Give all of the records again. Match them exactly.

# Data records

■ ■ ■ ■ ■ ■ ■

(* Let $\mathcal S$ be a $\Rsh$-closed $\diamond\cap$-closed subset of a finite multi-algebra $\mathcal A=\mathcal A_1\times\cdots\times\mathcal A_m$. If for all distinct $i,j\in\{1,\dots,m\}$ every network with only three variables over the bi-slice $\mathcal S_{i,j}$ is dissociable, then $\mathcal S$ is dissociable.
   Context: A finite non-associative algebra is a tuple $(\mathcal A,\cup,\neg,\emptyset,\mathcal B,\diamond,\overline{\cdot},e)$ where $(\mathcal A,\cup,\neg,\emptyset,\mathcal B)$ is a finite Boolean algebra (with $x\cap y=\neg(\neg x\cup\neg y)$) and for all $x,y,z$: $\overline{\overline x}=x$, $\overline{x\cup y}=\overline x\cup\overline y$, $\overline{x\diamond y}=\overline y\diamond\overline x$, $e\diamond x=x\diamond e=x$, $x\diamond(y\cup z)=(x\diamond y)\cup(x\diamond z)$, $(x\diamond y)\cap\overline z=\emptyset\iff(y\diamond z)\cap\overline x=\emptyset$. $r\subseteq r'$ means $r\cup r'=r'$. A projection operator from $\mathcal A$ to $\mathcal A'$ is a map $\Rsh$ with $\Rsh(r\cup r')=\Rsh r\cup\Rsh r'$ and $\Rsh\overline r=\overline{\Rsh r}$. A finite multi-algebra is a product $\mathcal A_1\times\cdots\times\mathcal A_m$ of finite non-associative algebras with projection operators $\Rsh_i^j:\mathcal A_i\to\mathcal A_j$ for all distinct $i,j$; $\subseteq,\diamond,\cap,\overline{\cdot}$ on relations $R=(R_1,\dots,R_m)$ componentwise. $R$ is closed under projection if $R_j\subseteq\Rsh_i^jR_i$ for all distinct $i,j$; the projection closure $\Rsh R$ is obtained by repeatedly replacing $R_j$ by $R_j\cap\Rsh_i^jR_i$ until a fixed point. A network over $\mathcal S\subseteq\mathcal A$ is a finite set $E$ of variables with $N^{xy}\in\mathcal S$ for all distinct $x,y\in E$, $N^{yx}=\overline{N^{xy}}$; $N_i^{xy}=(N^{xy})_i$. $N$ is trivially inconsistent if some $N_i^{xy}=\emptyset$; closed under composition if $N^{xz}\subseteq N^{xy}\diamond N^{yz}$ for all distinct $x,y,z$; closed under projection if all $N^{xy}$ are; algebraically consistent if closed under both and not trivially inconsistent. $N$ is dissociable if replacing each $N^{xy}$ by $\Rsh N^{xy}$ and then closing under composition (repeating $N^{xz}\leftarrow N^{xz}\cap(N^{xy}\diamond N^{yz})$ to a fixed point) yields a network that is algebraically consistent or trivially inconsistent; a subset is dissociable if every network over it is. $\mathcal S$ is $\diamond\cap$-closed if $(R\diamond R')\cap R''\in\mathcal S$ for all $R,R',R''\in\mathcal S$, and $\Rsh$-closed if $\Rsh R\in\mathcal S$ for all $R\in\mathcal S$. The bi-slice $\mathcal A_{i,j}$ is the multi-algebra $\mathcal A_i\times\mathcal A_j$ with projections $\Rsh_i^j,\Rsh_j^i$; the bi-slice of $\mathcal S$ is $\mathcal S_{i,j}=\{(R_i,R_j):R\in\mathcal S\}\subseteq\mathcal A_{i,j}$. *)

From HB Require Import structures.
From mathcomp Require Import all_boot all_order.

Set Implicit Arguments.
Unset Strict Implicit.
Unset Printing Implicit Defensive.

Import Order.Theory.
Local Open Scope order_scope.

(* The underlying finite Boolean algebra
   (A, ∪, ¬, ∅, B) is a finite complemented distributive lattice with top and
   bottom: ∪ = join `|`, ¬ = compl ~`, ∅ = \bot, B = \top, and
   x ∩ y = ¬(¬x ∪ ¬y) is the lattice meet `&`. *)
Record nalg := NAlg {
  ndisp : Order.disp_t;
  ncar : finCTBDistrLatticeType ndisp;
  ncomp : ncar -> ncar -> ncar;
  nconv : ncar -> ncar;
  nid : ncar;
  nconvK : forall x, nconv (nconv x) = x;
  nconvU : forall x y, nconv (x `|` y) = nconv x `|` nconv y;
  nconvC : forall x y, nconv (ncomp x y) = ncomp (nconv y) (nconv x);
  nid_l : forall x, ncomp nid x = x;
  nid_r : forall x, ncomp x nid = x;
  ncompU : forall x y z, ncomp x (y `|` z) = ncomp x y `|` ncomp x z;
  ncycle : forall x y z,
    (ncomp x y `&` nconv z == \bot) = (ncomp y z `&` nconv x == \bot)
}.

(* A finite multi-algebra indexed by a finite type I (I = 'I_m for
   A_1 × ... × A_m), with projection operators for all distinct i, j. *)
Unset Implicit Arguments.
Record malg (I : finType) := MAlg {
  alg : I -> nalg;
  proj : forall i j : I, ncar (alg i) -> ncar (alg j);
  projU : forall (i j : I) (r r' : ncar (alg i)), i != j ->
    proj i j (r `|` r') = proj i j r `|` proj i j r';
  projV : forall (i j : I) (r : ncar (alg i)), i != j ->
    proj i j (nconv r) = nconv (proj i j r)
}.

Arguments proj {I} m i j.
Arguments projU {I} m i j r r'.
Arguments projV {I} m i j r.
Arguments alg {I} m i.
Set Implicit Arguments.

Section MultiAlgebra.
Variables (I : finType) (M : malg I).

Definition Rel := forall i : I, ncar (alg M i).

Definition relle (R R' : Rel) : Prop := forall i, R i <= R' i.
Definition relcomp (R R' : Rel) : Rel := fun i => ncomp (R i) (R' i).
Definition relmeet (R R' : Rel) : Rel := fun i => R i `&` R' i.
Definition relconv (R : Rel) : Rel := fun i => nconv (R i).

Definition proj_closed (R : Rel) : Prop :=
  forall i j, i != j -> R j <= proj M i j (R i).

Definition pstep (R : Rel) : Rel :=
  fun j => R j `&` \meet_(i | i != j) proj M i j (R i).

Definition alg_size : nat := (\sum_(i : I) #|ncar (alg M i)|)%N.

(* projection closure: iterate until the fixed point (reached after at most
   alg_size rounds, since every non-trivial round strictly decreases some
   component). *)
Definition pclos (R : Rel) : Rel := iter alg_size pstep R.

Definition Network (E : finType) := E -> E -> Rel.

Definition is_network (S : Rel -> Prop) (E : finType) (N : Network E) : Prop :=
  forall x y, x != y -> S (N x y) /\ N y x = relconv (N x y).

Definition triv_incons (E : finType) (N : Network E) : Prop :=
  exists x y, x != y /\ exists i, N x y i = \bot.

Definition comp_closed (E : finType) (N : Network E) : Prop :=
  forall x y z, x != y -> y != z -> x != z ->
    relle (N x z) (relcomp (N x y) (N y z)).

Definition net_proj_closed (E : finType) (N : Network E) : Prop :=
  forall x y, x != y -> proj_closed (N x y).

Definition alg_consistent (E : finType) (N : Network E) : Prop :=
  [/\ comp_closed N, net_proj_closed N & ~ triv_incons N].

Definition cstep (E : finType) (N : Network E) : Network E :=
  fun x z i => N x z i `&` \meet_(y | (y != x) && (y != z)) ncomp (N x y i) (N y z i).

Definition cclos (E : finType) (N : Network E) : Network E :=
  iter (#|E| * #|E| * alg_size)%N (@cstep E) N.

■ ■ ■ ■ ■ ■ ■

# Task solution
(* Let $\mathcal S$ be a $\Rsh$-closed $\diamond\cap$-closed subset of a finite multi-algebra $\mathcal A=\mathcal A_1\times\cdots\times\mathcal A_m$. If for all distinct $i,j\in\{1,\dots,m\}$ every network with only three variables over the bi-slice $\mathcal S_{i,j}$ is dissociable, then $\mathcal S$ is dissociable.
   Context: A finite non-associative algebra is a tuple $(\mathcal A,\cup,\neg,\emptyset,\mathcal B,\diamond,\overline{\cdot},e)$ where $(\mathcal A,\cup,\neg,\emptyset,\mathcal B)$ is a finite Boolean algebra (with $x\cap y=\neg(\neg x\cup\neg y)$) and for all $x,y,z$: $\overline{\overline x}=x$, $\overline{x\cup y}=\overline x\cup\overline y$, $\overline{x\diamond y}=\overline y\diamond\overline x$, $e\diamond x=x\diamond e=x$, $x\diamond(y\cup z)=(x\diamond y)\cup(x\diamond z)$, $(x\diamond y)\cap\overline z=\emptyset\iff(y\diamond z)\cap\overline x=\emptyset$. $r\subseteq r'$ means $r\cup r'=r'$. A projection operator from $\mathcal A$ to $\mathcal A'$ is a map $\Rsh$ with $\Rsh(r\cup r')=\Rsh r\cup\Rsh r'$ and $\Rsh\overline r=\overline{\Rsh r}$. A finite multi-algebra is a product $\mathcal A_1\times\cdots\times\mathcal A_m$ of finite non-associative algebras with projection operators $\Rsh_i^j:\mathcal A_i\to\mathcal A_j$ for all distinct $i,j$; $\subseteq,\diamond,\cap,\overline{\cdot}$ on relations $R=(R_1,\dots,R_m)$ componentwise. $R$ is closed under projection if $R_j\subseteq\Rsh_i^jR_i$ for all distinct $i,j$; the projection closure $\Rsh R$ is obtained by repeatedly replacing $R_j$ by $R_j\cap\Rsh_i^jR_i$ until a fixed point. A network over $\mathcal S\subseteq\mathcal A$ is a finite set $E$ of variables with $N^{xy}\in\mathcal S$ for all distinct $x,y\in E$, $N^{yx}=\overline{N^{xy}}$; $N_i^{xy}=(N^{xy})_i$. $N$ is trivially inconsistent if some $N_i^{xy}=\emptyset$; closed under composition if $N^{xz}\subseteq N^{xy}\diamond N^{yz}$ for all distinct $x,y,z$; closed under projection if all $N^{xy}$ are; algebraically consistent if closed under both and not trivially inconsistent. $N$ is dissociable if replacing each $N^{xy}$ by $\Rsh N^{xy}$ and then closing under composition (repeating $N^{xz}\leftarrow N^{xz}\cap(N^{xy}\diamond N^{yz})$ to a fixed point) yields a network that is algebraically consistent or trivially inconsistent; a subset is dissociable if every network over it is. $\mathcal S$ is $\diamond\cap$-closed if $(R\diamond R')\cap R''\in\mathcal S$ for all $R,R',R''\in\mathcal S$, and $\Rsh$-closed if $\Rsh R\in\mathcal S$ for all $R\in\mathcal S$. The bi-slice $\mathcal A_{i,j}$ is the multi-algebra $\mathcal A_i\times\mathcal A_j$ with projections $\Rsh_i^j,\Rsh_j^i$; the bi-slice of $\mathcal S$ is $\mathcal S_{i,j}=\{(R_i,R_j):R\in\mathcal S\}\subseteq\mathcal A_{i,j}$. *)

From HB Require Import structures.
From mathcomp Require Import all_boot all_order.

Set Implicit Arguments.
Unset Strict Implicit.
Unset Printing Implicit Defensive.

Import Order.Theory.
Local Open Scope order_scope.

(* The underlying finite Boolean algebra
   (A, ∪, ¬, ∅, B) is a finite complemented distributive lattice with top and
   bottom: ∪ = join `|`, ¬ = compl ~`, ∅ = \bot, B = \top, and
   x ∩ y = ¬(¬x ∪ ¬y) is the lattice meet `&`. *)
Record nalg := NAlg {
  ndisp : Order.disp_t;
  ncar : finCTBDistrLatticeType ndisp;
  ncomp : ncar -> ncar -> ncar;
  nconv : ncar -> ncar;
  nid : ncar;
  nconvK : forall x, nconv (nconv x) = x;
  nconvU : forall x y, nconv (x `|` y) = nconv x `|` nconv y;
  nconvC : forall x y, nconv (ncomp x y) = ncomp (nconv y) (nconv x);
  nid_l : forall x, ncomp nid x = x;
  nid_r : forall x, ncomp x nid = x;
  ncompU : forall x y z, ncomp x (y `|` z) = ncomp x y `|` ncomp x z;
  ncycle : forall x y z,
    (ncomp x y `&` nconv z == \bot) = (ncomp y z `&` nconv x == \bot)
}.

(* A finite multi-algebra indexed by a finite type I (I = 'I_m for
   A_1 × ... × A_m), with projection operators for all distinct i, j. *)
Unset Implicit Arguments.
Record malg (I : finType) := MAlg {
  alg : I -> nalg;
  proj : forall i j : I, ncar (alg i) -> ncar (alg j);
  projU : forall (i j : I) (r r' : ncar (alg i)), i != j ->
    proj i j (r `|` r') = proj i j r `|` proj i j r';
  projV : forall (i j : I) (r : ncar (alg i)), i != j ->
    proj i j (nconv r) = nconv (proj i j r)
}.

Arguments proj {I} m i j.
Arguments projU {I} m i j r r'.
Arguments projV {I} m i j r.
Arguments alg {I} m i.
Set Implicit Arguments.

Section MultiAlgebra.
Variables (I : finType) (M : malg I).

Definition Rel := forall i : I, ncar (alg M i).

Definition relle (R R' : Rel) : Prop := forall i, R i <= R' i.
Definition relcomp (R R' : Rel) : Rel := fun i => ncomp (R i) (R' i).
Definition relmeet (R R' : Rel) : Rel := fun i => R i `&` R' i.
Definition relconv (R : Rel) : Rel := fun i => nconv (R i).

Definition proj_closed (R : Rel) : Prop :=
  forall i j, i != j -> R j <= proj M i j (R i).

Definition pstep (R : Rel) : Rel :=
  fun j => R j `&` \meet_(i | i != j) proj M i j (R i).

Definition alg_size : nat := (\sum_(i : I) #|ncar (alg M i)|)%N.

(* projection closure: iterate until the fixed point (reached after at most
   alg_size rounds, since every non-trivial round strictly decreases some
   component). *)
Definition pclos (R : Rel) : Rel := iter alg_size pstep R.

Definition Network (E : finType) := E -> E -> Rel.

Definition is_network (S : Rel -> Prop) (E : finType) (N : Network E) : Prop :=
  forall x y, x != y -> S (N x y) /\ N y x = relconv (N x y).

Definition triv_incons (E : finType) (N : Network E) : Prop :=
  exists x y, x != y /\ exists i, N x y i = \bot.

Definition comp_closed (E : finType) (N : Network E) : Prop :=
  forall x y z, x != y -> y != z -> x != z ->
    relle (N x z) (relcomp (N x y) (N y z)).

Definition net_proj_closed (E : finType) (N : Network E) : Prop :=
  forall x y, x != y -> proj_closed (N x y).

Definition alg_consistent (E : finType) (N : Network E) : Prop :=
  [/\ comp_closed N, net_proj_closed N & ~ triv_incons N].

Definition cstep (E : finType) (N : Network E) : Network E :=
  fun x z i => N x z i `&` \meet_(y | (y != x) && (y != z)) ncomp (N x y i) (N y z i).

Definition cclos (E : finType) (N : Network E) : Network E :=
  iter (#|E| * #|E| * alg_size)%N (@cstep E) N.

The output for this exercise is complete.